▸ Information provided

(* Let $k$ be a nonnegative integer and let $i,j\geq k+2$ be integers. Then $$R_k^{\mathcal{CO}}(i,j)=1+\frac{(i-1)(j-1)-\{i-1\}\{j-1\}}{k+1},$$ where $\{x\}\in\{0,1,\dots,k\}$ denotes the residue of the integer $x$ modulo $k+1$ and $\mathcal{CO}$ is the class of cographs.
   Context: All graphs are finite and simple. For a graph $G$ and a nonnegative integer $k$, a $k$-sparse $j$-set is a set of $j$ vertices of $G$ inducing a subgraph of maximum degree at most $k$; a $k$-dense $i$-set is a set of $i$ vertices of $G$ that is $k$-sparse in the complement of $G$. For a graph class $\mathcal{G}$, $R_k^{\mathcal{G}}(i,j)$ is the smallest natural number $n$ such that every graph on $n$ vertices in $\mathcal{G}$ has either a $k$-dense $i$-set or a $k$-sparse $j$-set. A cograph is a graph containing no induced path on four vertices (equivalently, the complement of every connected induced subgraph on at least two vertices is disconnected). *)

From mathcomp Require Import all_boot.
Set Implicit Arguments. Unset Strict Implicit. Unset Printing Implicit Defensive.

Definition simple_graph (n : nat) (e : rel 'I_n) : Prop :=
  symmetric e /\ irreflexive e.

Definition cograph (n : nat) (e : rel 'I_n) : Prop :=
  ~ exists a b c d : 'I_n,
      [/\ uniq [:: a; b; c; d],
          [&& e a b, e b c & e c d] &
          [&& ~~ e a c, ~~ e b d & ~~ e a d]].

Definition compl_rel (n : nat) (e : rel 'I_n) : rel 'I_n :=
  fun x y => (x != y) && ~~ e x y.

Definition k_sparse_set (n : nat) (e : rel 'I_n) (k j : nat) (S : {set 'I_n}) : Prop :=
  #|S| = j /\ forall x, x \in S -> #|[set y in S | e x y]| <= k.

Definition k_dense_set (n : nat) (e : rel 'I_n) (k i : nat) (S : {set 'I_n}) : Prop :=
  k_sparse_set (compl_rel e) k i S.

Definition ramsey_prop_cograph (k i j n : nat) : Prop :=
  forall e : rel 'I_n, simple_graph e -> cograph e ->
    (exists S, k_dense_set e k i S) \/ (exists S, k_sparse_set e k j S).

Definition is_ramsey_cograph (k i j N : nat) : Prop :=
  ramsey_prop_cograph k i j N /\ forall n, n < N -> ~ ramsey_prop_cograph k i j n.

From Stdlib Require Import Classical FunctionalExtensionality.
From mathcomp Require Import all_boot zify.
Set Implicit Arguments. Unset Strict Implicit. Unset Printing Implicit Defensive.

(* Write a = i - 1, b = j - 1, m = k + 1 and F(a, b) = (a b - {a}{b}) / m.
   Upper bound: a cograph on at least two vertices is disconnected or has a
   disconnected complement.  If it splits into parts A and B with no edges
   between them, k-sparse sets of A and B combine, so the sparse bounds b1 of A
   and b - b1 of B add up to b while A and B keep the dense bound a; induction
   and the superadditivity of F(a, _) give at most F(a, b) vertices, and the
   complement case follows by exchanging a and b.
   Lower bound: with a = p m + r and b = q m + s, the disjoint union of q
   copies of the join of K_r with m independent vertices and of a clique K_s
   (if p = 1), resp. of q - 1 cliques K_a and the complement of the previous
   graph with (p, r) and (q, s) exchanged (if p >= 2), is a cograph on
   F(a, b) vertices with no k-dense (a + 1)-set and no k-sparse (b + 1)-set. *)

(** * Sparse sets *)

Section Sparse.
Variable T : finType.
Implicit Types (e : rel T) (S U V A X : {set T}).

Definition compl_graph e : rel T := fun x y => (x != y) && ~~ e x y.

Definition P4_free e : Prop :=
  ~ exists a b c d : T,
      [/\ uniq [:: a; b; c; d],
          [&& e a b, e b c & e c d] &
          [&& ~~ e a c, ~~ e b d & ~~ e a d]].

Definition sparse e k S : bool := [forall x in S, #|[set y in S | e x y]| <= k].

Definition sparse_le e k U b : Prop :=
  forall S, S \subset U -> sparse e k S -> #|S| <= b.

Definition separates e U A : Prop :=
  [/\ A \subset U, A != set0, A != U &
      forall x y, x \in A -> y \in U :\: A -> ~~ e x y].

Lemma compl_graph_sym e : symmetric e -> symmetric (compl_graph e).
Proof. by move=> e_sym x y; rewrite /compl_graph eq_sym e_sym. Qed.

Lemma compl_graph_irr e : irreflexive (compl_graph e).
Proof. by move=> x; rewrite /compl_graph eqxx. Qed.

Lemma compl_graphK e : irreflexive e -> compl_graph (compl_graph e) = e.
Proof.
move=> e_irr; apply: functional_extensionality => x.
apply: functional_extensionality => y.
by rewrite /compl_graph; case: eqP => [->|_]; rewrite ?e_irr ?negbK.
Qed.

(* An induced P4 a-b-c-d of the complement is the induced P4 b-d-a-c of e. *)
Lemma P4_free_compl e : symmetric e -> P4_free e -> P4_free (compl_graph e).
Proof.
move=> e_sym e_P4 [a [b [c [d [abcd /and3P[ab bc cd] /and3P[ac bd ad]]]]]].
apply: e_P4; exists b, d, a, c.
move: abcd; rewrite /= !inE !negb_or andbT.
case/and3P=> [/and3P[a_b a_c a_d] /andP[b_c b_d] c_d].
move: ab bc cd ac bd ad; rewrite /compl_graph a_b a_c a_d b_c b_d c_d /= !negbK.
move=> ab bc cd ac bd ad; split.
- by rewrite (eq_sym b a) a_b (eq_sym d a) a_d (eq_sym d c) c_d.
- by rewrite bd (e_sym d a) ad ac.
- by rewrite (e_sym b a) ab (e_sym d c) cd bc.
Qed.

▸ Instructions for the task
In the records above, the line with "From mathcomp Require Import all_boot." marks the start and the line with "with no edges" marks the end; copy that stretch exactly, both lines included, and nothing else.

▸ Response area
From mathcomp Require Import all_boot.
Set Implicit Arguments. Unset Strict Implicit. Unset Printing Implicit Defensive.

Definition simple_graph (n : nat) (e : rel 'I_n) : Prop :=
  symmetric e /\ irreflexive e.

Definition cograph (n : nat) (e : rel 'I_n) : Prop :=
  ~ exists a b c d : 'I_n,
      [/\ uniq [:: a; b; c; d],
          [&& e a b, e b c & e c d] &
          [&& ~~ e a c, ~~ e b d & ~~ e a d]].

Definition compl_rel (n : nat) (e : rel 'I_n) : rel 'I_n :=
  fun x y => (x != y) && ~~ e x y.

Definition k_sparse_set (n : nat) (e : rel 'I_n) (k j : nat) (S : {set 'I_n}) : Prop :=
  #|S| = j /\ forall x, x \in S -> #|[set y in S | e x y]| <= k.

Definition k_dense_set (n : nat) (e : rel 'I_n) (k i : nat) (S : {set 'I_n}) : Prop :=
  k_sparse_set (compl_rel e) k i S.

Definition ramsey_prop_cograph (k i j n : nat) : Prop :=
  forall e : rel 'I_n, simple_graph e -> cograph e ->
    (exists S, k_dense_set e k i S) \/ (exists S, k_sparse_set e k j S).

Definition is_ramsey_cograph (k i j N : nat) : Prop :=
  ramsey_prop_cograph k i j N /\ forall n, n < N -> ~ ramsey_prop_cograph k i j n.

From Stdlib Require Import Classical FunctionalExtensionality.
From mathcomp Require Import all_boot zify.
Set Implicit Arguments. Unset Strict Implicit. Unset Printing Implicit Defensive.

(* Write a = i - 1, b = j - 1, m = k + 1 and F(a, b) = (a b - {a}{b}) / m.
   Upper bound: a cograph on at least two vertices is disconnected or has a
   disconnected complement.  If it splits into parts A and B with no edges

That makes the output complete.